PROBLEM REQUIREMENTS >>
Each line below that holds the word "boolP" counts toward the answer; reply with the total number only.

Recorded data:
..............................

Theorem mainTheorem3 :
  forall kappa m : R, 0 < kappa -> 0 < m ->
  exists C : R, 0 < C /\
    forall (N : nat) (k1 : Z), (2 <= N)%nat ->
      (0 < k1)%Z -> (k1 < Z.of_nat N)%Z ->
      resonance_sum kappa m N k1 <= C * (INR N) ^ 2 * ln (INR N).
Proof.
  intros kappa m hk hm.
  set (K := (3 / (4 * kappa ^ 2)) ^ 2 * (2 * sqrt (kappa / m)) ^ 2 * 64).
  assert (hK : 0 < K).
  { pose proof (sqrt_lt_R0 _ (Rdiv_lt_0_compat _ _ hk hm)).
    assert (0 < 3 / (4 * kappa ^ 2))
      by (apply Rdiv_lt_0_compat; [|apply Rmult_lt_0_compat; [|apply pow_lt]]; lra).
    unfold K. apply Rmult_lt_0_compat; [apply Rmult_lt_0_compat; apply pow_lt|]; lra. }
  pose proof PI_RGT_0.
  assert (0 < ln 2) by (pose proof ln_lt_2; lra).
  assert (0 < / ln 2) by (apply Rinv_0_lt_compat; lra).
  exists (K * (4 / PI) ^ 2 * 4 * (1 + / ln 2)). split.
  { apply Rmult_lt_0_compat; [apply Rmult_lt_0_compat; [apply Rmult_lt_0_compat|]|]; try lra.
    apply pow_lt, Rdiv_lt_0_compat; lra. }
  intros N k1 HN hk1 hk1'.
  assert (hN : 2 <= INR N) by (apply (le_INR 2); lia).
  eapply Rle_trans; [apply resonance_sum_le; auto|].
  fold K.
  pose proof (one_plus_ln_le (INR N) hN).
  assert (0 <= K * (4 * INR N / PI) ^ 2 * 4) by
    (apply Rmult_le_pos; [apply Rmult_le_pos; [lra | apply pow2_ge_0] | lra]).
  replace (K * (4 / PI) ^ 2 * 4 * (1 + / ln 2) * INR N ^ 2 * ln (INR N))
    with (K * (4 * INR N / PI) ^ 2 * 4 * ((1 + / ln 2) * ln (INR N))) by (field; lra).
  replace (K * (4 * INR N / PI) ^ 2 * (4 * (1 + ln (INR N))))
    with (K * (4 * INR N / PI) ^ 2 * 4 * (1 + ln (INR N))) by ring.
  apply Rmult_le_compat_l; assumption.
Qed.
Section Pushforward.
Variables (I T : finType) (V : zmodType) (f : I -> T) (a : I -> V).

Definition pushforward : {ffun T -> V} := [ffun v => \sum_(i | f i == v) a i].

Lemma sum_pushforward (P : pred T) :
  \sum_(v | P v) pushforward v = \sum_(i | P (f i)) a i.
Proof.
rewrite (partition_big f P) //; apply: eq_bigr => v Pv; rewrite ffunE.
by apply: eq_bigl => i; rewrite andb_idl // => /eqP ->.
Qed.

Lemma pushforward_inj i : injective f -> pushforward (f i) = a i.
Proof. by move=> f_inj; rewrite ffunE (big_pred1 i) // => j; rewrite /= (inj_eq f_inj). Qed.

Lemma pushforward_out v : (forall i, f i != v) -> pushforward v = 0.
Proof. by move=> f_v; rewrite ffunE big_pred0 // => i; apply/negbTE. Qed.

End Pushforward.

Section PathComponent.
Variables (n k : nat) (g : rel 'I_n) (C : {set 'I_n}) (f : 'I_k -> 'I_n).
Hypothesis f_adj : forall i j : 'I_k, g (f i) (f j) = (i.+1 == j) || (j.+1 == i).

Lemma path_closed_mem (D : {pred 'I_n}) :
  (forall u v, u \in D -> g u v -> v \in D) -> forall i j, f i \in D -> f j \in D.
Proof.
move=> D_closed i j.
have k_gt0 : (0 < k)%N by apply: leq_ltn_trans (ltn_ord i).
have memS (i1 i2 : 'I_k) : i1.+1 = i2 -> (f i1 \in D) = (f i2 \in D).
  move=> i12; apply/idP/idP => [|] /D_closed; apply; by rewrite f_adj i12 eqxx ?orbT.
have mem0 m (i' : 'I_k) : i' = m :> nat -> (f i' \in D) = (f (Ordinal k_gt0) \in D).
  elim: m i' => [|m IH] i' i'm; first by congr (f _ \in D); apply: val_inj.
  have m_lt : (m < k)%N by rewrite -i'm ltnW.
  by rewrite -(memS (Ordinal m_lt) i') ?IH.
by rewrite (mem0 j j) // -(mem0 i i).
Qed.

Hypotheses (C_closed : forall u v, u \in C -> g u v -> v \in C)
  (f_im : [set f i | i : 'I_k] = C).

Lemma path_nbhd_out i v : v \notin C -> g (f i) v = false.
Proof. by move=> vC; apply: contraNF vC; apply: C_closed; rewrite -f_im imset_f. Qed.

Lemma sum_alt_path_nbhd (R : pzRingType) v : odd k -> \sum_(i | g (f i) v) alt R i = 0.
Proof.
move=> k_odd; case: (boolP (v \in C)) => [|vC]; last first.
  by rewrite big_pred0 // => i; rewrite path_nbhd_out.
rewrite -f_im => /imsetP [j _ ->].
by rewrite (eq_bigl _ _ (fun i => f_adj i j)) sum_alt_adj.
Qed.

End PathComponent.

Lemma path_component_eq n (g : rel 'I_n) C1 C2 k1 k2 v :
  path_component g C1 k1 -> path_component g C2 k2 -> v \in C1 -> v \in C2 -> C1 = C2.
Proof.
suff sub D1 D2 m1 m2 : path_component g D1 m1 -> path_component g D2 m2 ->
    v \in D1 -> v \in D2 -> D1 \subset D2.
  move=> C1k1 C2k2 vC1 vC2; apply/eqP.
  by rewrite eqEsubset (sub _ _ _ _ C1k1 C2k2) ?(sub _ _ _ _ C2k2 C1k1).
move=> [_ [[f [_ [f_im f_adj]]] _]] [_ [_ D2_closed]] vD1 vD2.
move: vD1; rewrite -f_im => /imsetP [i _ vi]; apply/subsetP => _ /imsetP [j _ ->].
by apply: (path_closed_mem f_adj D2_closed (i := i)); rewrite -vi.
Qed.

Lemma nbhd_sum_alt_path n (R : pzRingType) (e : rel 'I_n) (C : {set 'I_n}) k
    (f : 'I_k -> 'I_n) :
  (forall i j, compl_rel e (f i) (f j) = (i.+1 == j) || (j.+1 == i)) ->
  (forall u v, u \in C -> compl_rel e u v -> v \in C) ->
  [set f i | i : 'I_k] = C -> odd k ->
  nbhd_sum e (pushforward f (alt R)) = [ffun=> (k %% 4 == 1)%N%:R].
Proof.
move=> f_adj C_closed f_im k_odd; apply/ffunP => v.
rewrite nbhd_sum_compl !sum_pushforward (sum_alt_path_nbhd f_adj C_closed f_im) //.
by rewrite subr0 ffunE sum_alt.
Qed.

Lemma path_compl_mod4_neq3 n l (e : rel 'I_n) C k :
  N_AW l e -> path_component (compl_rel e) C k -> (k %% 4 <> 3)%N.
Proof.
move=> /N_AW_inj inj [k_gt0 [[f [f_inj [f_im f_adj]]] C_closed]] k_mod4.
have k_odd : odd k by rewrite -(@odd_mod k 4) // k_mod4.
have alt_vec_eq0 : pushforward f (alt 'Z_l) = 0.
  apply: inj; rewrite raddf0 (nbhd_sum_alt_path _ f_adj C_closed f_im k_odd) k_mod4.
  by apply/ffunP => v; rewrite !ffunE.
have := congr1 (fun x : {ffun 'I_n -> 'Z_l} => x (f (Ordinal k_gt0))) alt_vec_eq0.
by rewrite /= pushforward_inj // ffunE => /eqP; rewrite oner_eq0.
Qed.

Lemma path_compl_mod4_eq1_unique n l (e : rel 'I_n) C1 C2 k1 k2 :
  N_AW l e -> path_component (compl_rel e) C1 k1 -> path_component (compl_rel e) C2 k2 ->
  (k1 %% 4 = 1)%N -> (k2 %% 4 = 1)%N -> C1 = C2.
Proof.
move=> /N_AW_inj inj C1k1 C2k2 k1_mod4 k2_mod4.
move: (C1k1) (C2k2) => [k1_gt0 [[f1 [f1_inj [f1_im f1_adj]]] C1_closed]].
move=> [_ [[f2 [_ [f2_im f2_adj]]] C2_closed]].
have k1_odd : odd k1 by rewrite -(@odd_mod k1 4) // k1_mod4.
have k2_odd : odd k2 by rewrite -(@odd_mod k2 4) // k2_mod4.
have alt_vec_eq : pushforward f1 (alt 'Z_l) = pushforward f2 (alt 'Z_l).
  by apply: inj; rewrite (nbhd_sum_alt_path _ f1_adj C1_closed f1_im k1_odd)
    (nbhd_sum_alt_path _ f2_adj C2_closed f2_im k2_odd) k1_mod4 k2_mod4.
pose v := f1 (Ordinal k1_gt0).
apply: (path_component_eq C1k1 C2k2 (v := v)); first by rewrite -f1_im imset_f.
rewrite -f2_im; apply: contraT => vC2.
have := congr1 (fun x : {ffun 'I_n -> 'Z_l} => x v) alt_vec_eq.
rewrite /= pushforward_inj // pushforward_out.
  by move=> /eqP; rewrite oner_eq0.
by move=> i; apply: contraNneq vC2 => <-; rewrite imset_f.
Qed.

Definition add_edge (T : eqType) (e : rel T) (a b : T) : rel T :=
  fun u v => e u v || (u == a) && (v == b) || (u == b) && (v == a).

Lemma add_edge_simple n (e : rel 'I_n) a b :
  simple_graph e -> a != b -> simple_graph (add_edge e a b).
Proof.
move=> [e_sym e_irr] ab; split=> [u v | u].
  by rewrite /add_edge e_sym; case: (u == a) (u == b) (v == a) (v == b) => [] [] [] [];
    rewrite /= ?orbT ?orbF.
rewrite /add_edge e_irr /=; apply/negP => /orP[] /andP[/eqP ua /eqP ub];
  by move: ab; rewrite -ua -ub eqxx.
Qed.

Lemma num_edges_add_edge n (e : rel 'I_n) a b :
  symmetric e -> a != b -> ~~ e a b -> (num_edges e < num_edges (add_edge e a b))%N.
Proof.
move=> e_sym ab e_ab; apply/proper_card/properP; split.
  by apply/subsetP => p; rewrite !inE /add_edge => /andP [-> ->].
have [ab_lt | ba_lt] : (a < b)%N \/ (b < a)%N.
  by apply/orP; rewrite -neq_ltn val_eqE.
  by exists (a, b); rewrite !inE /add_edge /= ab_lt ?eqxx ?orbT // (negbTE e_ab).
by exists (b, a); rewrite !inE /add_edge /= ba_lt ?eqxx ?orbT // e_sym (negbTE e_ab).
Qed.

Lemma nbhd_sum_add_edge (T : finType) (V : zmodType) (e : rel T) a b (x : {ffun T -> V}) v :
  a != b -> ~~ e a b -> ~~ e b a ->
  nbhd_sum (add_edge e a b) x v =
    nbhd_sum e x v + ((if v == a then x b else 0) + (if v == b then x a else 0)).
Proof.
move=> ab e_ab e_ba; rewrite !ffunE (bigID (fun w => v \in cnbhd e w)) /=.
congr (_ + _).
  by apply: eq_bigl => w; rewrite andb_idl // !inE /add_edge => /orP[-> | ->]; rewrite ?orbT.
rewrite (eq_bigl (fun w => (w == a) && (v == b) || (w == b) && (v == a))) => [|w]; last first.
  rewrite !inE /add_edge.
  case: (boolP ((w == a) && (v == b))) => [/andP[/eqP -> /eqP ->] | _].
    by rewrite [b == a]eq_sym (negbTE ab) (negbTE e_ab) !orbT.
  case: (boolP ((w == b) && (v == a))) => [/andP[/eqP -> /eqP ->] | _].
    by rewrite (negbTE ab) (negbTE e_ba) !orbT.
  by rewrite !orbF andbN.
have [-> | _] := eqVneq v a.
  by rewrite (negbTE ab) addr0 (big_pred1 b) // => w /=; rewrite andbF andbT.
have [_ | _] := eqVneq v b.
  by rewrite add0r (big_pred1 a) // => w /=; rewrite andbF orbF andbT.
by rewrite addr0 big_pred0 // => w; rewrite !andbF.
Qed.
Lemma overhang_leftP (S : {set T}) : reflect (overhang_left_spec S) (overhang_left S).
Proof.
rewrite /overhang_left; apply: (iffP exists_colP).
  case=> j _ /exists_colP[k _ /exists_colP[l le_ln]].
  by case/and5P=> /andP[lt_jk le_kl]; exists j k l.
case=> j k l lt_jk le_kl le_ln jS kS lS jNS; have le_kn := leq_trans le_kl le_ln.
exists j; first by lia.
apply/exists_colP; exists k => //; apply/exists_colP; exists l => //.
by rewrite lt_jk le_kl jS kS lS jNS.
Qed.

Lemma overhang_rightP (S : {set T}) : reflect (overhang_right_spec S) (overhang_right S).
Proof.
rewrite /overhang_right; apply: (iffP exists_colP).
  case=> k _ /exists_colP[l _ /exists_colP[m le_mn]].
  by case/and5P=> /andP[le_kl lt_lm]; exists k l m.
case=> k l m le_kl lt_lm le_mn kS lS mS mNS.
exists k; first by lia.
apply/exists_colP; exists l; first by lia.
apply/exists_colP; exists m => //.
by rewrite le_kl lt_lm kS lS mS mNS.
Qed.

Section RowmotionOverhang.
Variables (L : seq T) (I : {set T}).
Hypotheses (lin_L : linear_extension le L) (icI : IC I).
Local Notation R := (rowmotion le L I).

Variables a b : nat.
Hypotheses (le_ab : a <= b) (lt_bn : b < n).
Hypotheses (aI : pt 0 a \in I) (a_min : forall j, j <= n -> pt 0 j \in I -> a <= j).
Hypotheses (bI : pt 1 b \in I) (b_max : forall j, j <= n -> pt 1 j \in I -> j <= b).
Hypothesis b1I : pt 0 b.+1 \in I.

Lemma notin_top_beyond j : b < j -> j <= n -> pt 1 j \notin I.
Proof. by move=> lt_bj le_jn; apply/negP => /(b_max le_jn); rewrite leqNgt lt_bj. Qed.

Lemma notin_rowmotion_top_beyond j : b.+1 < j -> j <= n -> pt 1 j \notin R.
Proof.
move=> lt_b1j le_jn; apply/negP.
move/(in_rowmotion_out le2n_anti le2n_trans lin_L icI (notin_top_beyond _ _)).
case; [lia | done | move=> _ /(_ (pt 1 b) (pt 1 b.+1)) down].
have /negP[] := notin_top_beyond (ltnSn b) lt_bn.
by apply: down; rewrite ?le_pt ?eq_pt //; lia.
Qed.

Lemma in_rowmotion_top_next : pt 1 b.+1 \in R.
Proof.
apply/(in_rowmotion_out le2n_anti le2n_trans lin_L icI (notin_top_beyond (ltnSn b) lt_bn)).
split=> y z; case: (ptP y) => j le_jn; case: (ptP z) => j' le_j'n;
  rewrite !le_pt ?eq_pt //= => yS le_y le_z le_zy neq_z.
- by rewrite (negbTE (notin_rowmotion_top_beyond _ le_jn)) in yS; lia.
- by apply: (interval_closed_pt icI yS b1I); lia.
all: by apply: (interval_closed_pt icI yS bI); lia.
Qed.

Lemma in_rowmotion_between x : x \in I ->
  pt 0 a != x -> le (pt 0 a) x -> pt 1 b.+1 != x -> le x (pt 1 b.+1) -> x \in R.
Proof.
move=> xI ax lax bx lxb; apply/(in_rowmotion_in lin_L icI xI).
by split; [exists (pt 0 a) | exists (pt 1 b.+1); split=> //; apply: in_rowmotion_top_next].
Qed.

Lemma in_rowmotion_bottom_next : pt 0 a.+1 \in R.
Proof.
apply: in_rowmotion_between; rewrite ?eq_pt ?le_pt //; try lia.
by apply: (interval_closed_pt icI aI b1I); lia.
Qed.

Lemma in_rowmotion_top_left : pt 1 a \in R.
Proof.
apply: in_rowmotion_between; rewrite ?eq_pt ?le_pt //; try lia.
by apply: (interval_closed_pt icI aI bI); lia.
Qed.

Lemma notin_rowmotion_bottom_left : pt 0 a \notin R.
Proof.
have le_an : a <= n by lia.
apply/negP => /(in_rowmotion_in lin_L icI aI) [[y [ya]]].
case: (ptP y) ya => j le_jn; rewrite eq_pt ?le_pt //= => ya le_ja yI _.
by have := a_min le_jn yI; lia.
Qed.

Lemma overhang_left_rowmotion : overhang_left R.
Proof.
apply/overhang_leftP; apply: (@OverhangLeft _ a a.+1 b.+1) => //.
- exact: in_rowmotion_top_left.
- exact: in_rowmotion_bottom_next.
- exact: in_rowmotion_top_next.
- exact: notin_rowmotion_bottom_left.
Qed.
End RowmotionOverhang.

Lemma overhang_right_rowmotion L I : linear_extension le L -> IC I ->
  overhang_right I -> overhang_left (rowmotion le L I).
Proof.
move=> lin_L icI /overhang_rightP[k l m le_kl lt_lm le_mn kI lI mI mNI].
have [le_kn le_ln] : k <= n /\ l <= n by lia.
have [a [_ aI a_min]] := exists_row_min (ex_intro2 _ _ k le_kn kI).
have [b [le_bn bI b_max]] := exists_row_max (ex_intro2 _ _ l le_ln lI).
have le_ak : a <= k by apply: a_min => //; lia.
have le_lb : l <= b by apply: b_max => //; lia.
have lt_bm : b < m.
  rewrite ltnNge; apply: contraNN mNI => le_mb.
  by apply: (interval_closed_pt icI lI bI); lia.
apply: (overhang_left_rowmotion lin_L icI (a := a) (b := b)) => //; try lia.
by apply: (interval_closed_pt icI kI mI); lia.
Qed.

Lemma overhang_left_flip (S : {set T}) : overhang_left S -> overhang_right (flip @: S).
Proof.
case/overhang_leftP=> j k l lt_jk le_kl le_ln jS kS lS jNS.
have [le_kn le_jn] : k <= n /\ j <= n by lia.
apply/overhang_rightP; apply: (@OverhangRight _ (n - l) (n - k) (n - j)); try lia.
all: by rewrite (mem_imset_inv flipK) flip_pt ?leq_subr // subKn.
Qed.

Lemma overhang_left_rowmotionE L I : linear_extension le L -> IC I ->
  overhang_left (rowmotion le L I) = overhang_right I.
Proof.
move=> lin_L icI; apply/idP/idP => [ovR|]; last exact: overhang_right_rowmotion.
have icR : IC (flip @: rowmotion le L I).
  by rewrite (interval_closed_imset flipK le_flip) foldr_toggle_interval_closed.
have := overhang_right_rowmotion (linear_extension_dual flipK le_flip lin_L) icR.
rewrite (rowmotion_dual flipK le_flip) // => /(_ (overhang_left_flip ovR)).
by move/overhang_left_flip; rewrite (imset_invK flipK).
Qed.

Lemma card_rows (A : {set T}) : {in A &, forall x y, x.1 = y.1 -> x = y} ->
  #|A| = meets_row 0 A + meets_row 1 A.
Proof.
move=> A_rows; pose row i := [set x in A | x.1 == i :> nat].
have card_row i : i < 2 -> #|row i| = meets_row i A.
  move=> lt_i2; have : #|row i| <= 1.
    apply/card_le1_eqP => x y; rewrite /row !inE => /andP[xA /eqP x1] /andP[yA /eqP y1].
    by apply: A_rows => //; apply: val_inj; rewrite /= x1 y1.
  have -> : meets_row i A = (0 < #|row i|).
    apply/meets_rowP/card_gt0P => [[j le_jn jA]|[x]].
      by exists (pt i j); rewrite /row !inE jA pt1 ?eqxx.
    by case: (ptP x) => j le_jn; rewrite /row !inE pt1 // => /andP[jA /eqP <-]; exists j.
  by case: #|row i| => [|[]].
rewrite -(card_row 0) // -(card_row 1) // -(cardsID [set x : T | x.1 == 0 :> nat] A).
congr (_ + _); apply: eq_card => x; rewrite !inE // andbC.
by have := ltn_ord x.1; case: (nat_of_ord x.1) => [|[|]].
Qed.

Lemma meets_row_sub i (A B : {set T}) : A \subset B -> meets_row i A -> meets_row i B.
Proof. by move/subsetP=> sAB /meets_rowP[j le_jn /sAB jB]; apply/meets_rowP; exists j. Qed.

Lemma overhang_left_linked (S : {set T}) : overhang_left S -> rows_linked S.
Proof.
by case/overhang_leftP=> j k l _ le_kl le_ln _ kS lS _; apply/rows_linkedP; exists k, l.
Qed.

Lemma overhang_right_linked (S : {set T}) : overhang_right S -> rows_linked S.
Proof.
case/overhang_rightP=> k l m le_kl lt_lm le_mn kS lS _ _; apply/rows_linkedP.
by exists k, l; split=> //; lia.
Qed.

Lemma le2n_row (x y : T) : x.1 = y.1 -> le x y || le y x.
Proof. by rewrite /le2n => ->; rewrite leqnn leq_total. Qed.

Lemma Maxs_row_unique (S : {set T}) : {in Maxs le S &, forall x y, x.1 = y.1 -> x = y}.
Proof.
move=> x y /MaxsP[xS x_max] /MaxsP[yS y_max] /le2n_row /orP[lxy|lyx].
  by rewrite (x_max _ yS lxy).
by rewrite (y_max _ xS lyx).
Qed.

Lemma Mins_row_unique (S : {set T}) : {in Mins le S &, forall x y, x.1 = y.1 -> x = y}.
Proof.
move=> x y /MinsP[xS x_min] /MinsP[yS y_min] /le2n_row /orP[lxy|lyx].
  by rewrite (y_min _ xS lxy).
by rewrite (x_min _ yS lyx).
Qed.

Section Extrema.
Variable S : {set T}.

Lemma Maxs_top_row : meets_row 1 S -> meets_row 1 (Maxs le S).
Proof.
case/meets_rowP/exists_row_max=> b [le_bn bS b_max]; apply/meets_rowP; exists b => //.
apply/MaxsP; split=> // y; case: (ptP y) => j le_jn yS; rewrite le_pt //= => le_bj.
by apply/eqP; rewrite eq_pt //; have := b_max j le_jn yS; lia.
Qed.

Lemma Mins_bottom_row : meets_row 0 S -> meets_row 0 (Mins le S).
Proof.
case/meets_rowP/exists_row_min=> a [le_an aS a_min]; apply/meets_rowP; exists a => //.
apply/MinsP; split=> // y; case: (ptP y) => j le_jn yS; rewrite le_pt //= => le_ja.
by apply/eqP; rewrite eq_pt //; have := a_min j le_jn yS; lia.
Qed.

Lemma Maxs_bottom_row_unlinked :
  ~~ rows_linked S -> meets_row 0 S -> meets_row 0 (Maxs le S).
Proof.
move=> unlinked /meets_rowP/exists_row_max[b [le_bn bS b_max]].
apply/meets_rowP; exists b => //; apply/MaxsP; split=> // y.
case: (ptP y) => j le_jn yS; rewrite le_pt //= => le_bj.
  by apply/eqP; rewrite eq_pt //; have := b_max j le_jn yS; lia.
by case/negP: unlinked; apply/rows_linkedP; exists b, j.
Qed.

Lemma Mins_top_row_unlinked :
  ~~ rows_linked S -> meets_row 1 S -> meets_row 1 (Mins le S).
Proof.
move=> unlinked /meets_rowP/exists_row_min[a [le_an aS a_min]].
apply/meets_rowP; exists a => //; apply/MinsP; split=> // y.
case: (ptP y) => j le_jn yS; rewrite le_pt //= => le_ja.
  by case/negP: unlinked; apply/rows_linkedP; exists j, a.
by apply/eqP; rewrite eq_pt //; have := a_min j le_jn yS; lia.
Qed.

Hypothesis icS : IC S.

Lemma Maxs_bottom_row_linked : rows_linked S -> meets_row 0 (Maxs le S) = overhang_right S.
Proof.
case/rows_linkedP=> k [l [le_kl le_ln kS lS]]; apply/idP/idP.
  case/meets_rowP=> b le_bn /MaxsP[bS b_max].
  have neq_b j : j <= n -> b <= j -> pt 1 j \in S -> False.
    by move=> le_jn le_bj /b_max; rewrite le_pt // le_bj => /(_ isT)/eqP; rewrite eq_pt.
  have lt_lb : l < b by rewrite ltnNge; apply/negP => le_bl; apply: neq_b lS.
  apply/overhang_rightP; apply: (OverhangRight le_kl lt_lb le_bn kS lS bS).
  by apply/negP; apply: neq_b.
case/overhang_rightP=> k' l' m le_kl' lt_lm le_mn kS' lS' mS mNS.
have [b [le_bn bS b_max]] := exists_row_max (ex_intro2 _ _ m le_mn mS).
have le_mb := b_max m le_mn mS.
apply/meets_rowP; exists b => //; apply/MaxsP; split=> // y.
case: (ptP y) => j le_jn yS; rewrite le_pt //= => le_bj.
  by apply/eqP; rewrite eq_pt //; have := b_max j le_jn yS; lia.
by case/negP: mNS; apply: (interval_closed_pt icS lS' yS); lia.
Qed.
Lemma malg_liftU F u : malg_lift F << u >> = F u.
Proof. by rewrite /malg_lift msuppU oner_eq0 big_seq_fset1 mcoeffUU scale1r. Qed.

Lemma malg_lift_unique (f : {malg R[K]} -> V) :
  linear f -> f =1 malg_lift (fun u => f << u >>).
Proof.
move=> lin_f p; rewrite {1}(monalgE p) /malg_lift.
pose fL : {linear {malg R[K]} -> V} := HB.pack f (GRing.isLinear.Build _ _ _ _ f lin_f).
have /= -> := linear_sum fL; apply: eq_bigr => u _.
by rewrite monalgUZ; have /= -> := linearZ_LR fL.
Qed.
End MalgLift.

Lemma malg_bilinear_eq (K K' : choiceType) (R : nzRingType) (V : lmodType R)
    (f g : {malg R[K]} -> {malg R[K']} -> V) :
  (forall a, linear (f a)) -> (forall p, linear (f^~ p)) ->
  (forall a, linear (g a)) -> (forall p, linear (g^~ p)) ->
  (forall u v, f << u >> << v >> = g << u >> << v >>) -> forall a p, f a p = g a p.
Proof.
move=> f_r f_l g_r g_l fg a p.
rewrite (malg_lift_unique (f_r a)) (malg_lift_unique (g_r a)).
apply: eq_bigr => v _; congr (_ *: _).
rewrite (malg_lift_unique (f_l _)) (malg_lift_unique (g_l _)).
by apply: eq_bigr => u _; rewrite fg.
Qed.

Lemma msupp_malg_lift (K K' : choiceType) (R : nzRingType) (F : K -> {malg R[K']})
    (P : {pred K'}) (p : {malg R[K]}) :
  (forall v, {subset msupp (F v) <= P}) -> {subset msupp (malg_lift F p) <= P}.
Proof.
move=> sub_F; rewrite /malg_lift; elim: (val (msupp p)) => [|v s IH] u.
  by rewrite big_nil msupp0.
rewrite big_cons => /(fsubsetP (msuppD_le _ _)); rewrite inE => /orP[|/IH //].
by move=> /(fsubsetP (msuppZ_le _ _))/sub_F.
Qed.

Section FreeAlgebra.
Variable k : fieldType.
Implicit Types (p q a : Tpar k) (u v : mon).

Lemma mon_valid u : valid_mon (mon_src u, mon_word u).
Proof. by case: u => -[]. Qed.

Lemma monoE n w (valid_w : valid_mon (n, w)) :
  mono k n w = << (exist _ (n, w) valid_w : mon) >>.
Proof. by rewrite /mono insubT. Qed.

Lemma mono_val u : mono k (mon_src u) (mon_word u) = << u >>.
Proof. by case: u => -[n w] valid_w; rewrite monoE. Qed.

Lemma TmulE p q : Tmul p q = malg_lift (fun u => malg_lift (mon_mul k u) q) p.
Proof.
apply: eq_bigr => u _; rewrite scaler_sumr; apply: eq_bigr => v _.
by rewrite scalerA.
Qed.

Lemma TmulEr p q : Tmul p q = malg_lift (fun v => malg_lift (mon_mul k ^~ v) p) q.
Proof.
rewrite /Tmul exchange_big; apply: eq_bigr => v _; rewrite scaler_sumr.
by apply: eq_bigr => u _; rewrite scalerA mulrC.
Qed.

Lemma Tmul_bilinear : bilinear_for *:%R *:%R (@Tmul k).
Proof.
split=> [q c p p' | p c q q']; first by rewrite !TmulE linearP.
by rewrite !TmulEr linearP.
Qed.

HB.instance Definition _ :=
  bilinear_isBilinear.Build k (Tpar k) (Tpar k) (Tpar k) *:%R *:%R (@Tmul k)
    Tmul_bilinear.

..............................

EXPECTED ANSWER >>
3